--- Data under study ---

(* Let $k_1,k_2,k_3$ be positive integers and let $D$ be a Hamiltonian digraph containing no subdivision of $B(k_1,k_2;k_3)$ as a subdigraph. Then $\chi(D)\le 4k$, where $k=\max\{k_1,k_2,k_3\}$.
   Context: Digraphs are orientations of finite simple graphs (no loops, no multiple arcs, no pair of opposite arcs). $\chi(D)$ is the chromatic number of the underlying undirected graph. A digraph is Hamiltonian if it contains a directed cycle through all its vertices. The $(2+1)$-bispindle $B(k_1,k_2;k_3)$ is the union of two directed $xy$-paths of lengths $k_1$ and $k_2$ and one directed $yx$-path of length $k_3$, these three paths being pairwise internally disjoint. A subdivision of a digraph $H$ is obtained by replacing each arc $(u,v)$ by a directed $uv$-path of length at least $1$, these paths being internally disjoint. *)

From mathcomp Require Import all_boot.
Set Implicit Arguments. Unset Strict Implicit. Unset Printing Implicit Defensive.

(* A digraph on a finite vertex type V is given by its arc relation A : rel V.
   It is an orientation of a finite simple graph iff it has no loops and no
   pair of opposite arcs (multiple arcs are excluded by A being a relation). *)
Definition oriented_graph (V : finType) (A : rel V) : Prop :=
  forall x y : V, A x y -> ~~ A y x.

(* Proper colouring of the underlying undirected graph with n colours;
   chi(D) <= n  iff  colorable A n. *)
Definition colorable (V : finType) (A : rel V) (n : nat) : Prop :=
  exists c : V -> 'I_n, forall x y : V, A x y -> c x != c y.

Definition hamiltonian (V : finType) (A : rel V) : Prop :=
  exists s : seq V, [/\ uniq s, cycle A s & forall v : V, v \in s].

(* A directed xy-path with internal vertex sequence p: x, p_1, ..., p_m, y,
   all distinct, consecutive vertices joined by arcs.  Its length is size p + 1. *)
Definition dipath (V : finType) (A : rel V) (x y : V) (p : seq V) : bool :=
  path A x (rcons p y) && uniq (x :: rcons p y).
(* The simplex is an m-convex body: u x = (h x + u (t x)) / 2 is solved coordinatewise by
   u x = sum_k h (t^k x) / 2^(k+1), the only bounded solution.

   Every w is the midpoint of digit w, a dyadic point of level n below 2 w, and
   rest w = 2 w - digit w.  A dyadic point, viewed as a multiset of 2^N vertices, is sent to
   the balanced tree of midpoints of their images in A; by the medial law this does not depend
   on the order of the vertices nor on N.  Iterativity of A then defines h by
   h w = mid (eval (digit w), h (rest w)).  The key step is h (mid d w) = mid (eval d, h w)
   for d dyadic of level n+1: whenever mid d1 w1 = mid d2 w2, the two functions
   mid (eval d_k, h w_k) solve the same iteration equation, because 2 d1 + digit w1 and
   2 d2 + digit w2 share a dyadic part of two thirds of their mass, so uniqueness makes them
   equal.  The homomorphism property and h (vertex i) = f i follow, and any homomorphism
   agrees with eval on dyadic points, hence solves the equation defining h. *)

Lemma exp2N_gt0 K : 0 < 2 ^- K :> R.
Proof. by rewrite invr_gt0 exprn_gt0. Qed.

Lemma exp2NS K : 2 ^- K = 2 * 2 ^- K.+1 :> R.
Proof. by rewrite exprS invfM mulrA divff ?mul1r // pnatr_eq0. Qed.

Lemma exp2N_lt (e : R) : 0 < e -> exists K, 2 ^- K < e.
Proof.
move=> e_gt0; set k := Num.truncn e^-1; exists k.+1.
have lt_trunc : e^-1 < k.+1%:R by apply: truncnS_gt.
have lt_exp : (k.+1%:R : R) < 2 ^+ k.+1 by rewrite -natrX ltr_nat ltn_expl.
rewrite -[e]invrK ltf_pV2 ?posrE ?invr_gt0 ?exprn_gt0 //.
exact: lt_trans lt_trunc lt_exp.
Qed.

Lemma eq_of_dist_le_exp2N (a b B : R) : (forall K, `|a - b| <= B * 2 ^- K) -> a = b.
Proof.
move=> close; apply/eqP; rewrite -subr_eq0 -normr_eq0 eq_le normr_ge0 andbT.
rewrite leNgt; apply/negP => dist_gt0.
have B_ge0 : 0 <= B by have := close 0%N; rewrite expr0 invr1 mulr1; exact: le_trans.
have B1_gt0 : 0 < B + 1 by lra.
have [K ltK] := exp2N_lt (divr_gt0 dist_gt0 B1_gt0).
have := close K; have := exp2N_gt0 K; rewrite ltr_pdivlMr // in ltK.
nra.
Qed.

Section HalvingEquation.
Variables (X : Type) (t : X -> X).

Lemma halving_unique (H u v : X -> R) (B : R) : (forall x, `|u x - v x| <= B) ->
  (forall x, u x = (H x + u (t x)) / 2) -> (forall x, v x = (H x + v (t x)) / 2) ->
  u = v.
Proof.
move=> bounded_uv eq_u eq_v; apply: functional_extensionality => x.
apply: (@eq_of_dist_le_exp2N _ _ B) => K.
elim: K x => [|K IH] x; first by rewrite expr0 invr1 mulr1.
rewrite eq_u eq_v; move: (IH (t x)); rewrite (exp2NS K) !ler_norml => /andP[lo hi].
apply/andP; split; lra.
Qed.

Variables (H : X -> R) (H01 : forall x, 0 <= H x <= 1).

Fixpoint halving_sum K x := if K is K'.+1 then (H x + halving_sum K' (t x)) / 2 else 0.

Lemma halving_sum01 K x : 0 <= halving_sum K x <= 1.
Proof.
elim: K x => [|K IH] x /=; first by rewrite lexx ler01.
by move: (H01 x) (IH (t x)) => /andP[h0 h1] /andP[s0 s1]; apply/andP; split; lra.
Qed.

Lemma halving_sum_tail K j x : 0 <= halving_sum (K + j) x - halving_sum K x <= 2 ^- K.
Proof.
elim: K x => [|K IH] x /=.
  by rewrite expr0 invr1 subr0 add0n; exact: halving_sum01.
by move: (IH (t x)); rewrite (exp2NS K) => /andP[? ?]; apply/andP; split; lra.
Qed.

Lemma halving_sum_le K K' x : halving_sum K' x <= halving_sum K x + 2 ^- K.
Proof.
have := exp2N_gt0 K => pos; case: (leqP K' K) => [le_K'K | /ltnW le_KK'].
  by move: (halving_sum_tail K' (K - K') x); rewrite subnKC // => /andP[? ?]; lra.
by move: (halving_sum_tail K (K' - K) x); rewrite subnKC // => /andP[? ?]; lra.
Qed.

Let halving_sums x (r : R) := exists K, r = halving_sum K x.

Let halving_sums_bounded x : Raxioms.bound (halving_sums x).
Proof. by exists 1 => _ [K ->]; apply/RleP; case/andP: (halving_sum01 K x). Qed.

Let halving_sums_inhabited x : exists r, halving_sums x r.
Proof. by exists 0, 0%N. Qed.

---

From the entries above, copy every line containing the word "forall".

  forall x y : V, A x y -> ~~ A y x.
  exists c : V -> 'I_n, forall x y : V, A x y -> c x != c y.
  exists s : seq V, [/\ uniq s, cycle A s & forall v : V, v \in s].
Lemma eq_of_dist_le_exp2N (a b B : R) : (forall K, `|a - b| <= B * 2 ^- K) -> a = b.
Lemma halving_unique (H u v : X -> R) (B : R) : (forall x, `|u x - v x| <= B) ->
  (forall x, u x = (H x + u (t x)) / 2) -> (forall x, v x = (H x + v (t x)) / 2) ->
Variables (H : X -> R) (H01 : forall x, 0 <= H x <= 1).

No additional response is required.